## [Exercise]
Repeat precisely the span of lines below that opens with the line containing "From mathcomp Require" and closes with the line containing "Definition step_code (s", both included.

## [Given records]
·····

(* For all integers $n\ge 2$ and $0\le i\le n$, $$|\mathrm{Bal}^*(n,i)|=\binom{2n-2}{n-i-1}-\binom{2n-2}{n-i-2}+\binom{n-2}{n-i}.$$ Moreover, for the same $n,i$, $$\Big|\bigsqcup_{\substack{b\ge\max(i,1),\ k\ge0\\ 2b-i+k=n}}\mathrm{SYT}^{+k}\big((b,b-i)\big)\Big|=\binom{2n-2}{n-i-1}-\binom{2n-2}{n-i-2}+\binom{n-2}{n-i},$$ where $(b,0)$ denotes the one-row shape $(b)$.
   Context: Binomial coefficients $\binom{a}{c}$ with $a\ge0$ are $0$ if $c<0$ or $c>a$. A ballotlike path of length $n$ ending at height $i$ is a lattice path from $(0,0)$ to $(n,i)$ with steps $U=(1,1)$, $D=(1,-1)$ and horizontal steps $(1,0)$ colored umber ($u$) or denim ($d$), never going below the $x$-axis, such that no umber step occurs at height $0$ and no denim step occurs before the first $D$ step. $\mathrm{Bal}^*(n,i)$ is the set of these paths. $\mathrm{SYT}^{+k}(\lambda)$: for a partition $\lambda$ of $N$ and $k\ge0$, the set of fillings of the cells of $\lambda$ by nonempty sets of positive integers forming a set partition of $[N+k]$, with $\max S(u)<\min S(v)$ whenever $u\ne v$ and $u$ is weakly northwest of $v$. *)

From HB Require Import structures.
From mathcomp Require Import all_boot all_order all_algebra.
Set Implicit Arguments. Unset Strict Implicit. Unset Printing Implicit Defensive.
Import Order.TTheory GRing.Theory Num.Theory.

(* U = (1,1), D = (1,-1), Hu = umber horizontal step, Hd = denim horizontal step *)
Inductive step := U | D | Hu | Hd.

Definition step_code (s : step) : 'I_4 :=
  match s with U => inord 0 | D => inord 1 | Hu => inord 2 | Hd => inord 3 end.
Definition step_decode (o : 'I_4) : step :=
  match val o with 0 => U | 1 => D | 2 => Hu | _ => Hd end.
Lemma step_codeK : cancel step_code step_decode.
Proof. by case; rewrite /step_decode /= inordK. Qed.

HB.instance Definition _ := Finite.copy step (can_type step_codeK).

·····

## [Result]
From mathcomp Require Import all_boot all_order all_algebra.
Set Implicit Arguments. Unset Strict Implicit. Unset Printing Implicit Defensive.
Import Order.TTheory GRing.Theory Num.Theory.

(* U = (1,1), D = (1,-1), Hu = umber horizontal step, Hd = denim horizontal step *)
Inductive step := U | D | Hu | Hd.

Definition step_code (s : step) : 'I_4 :=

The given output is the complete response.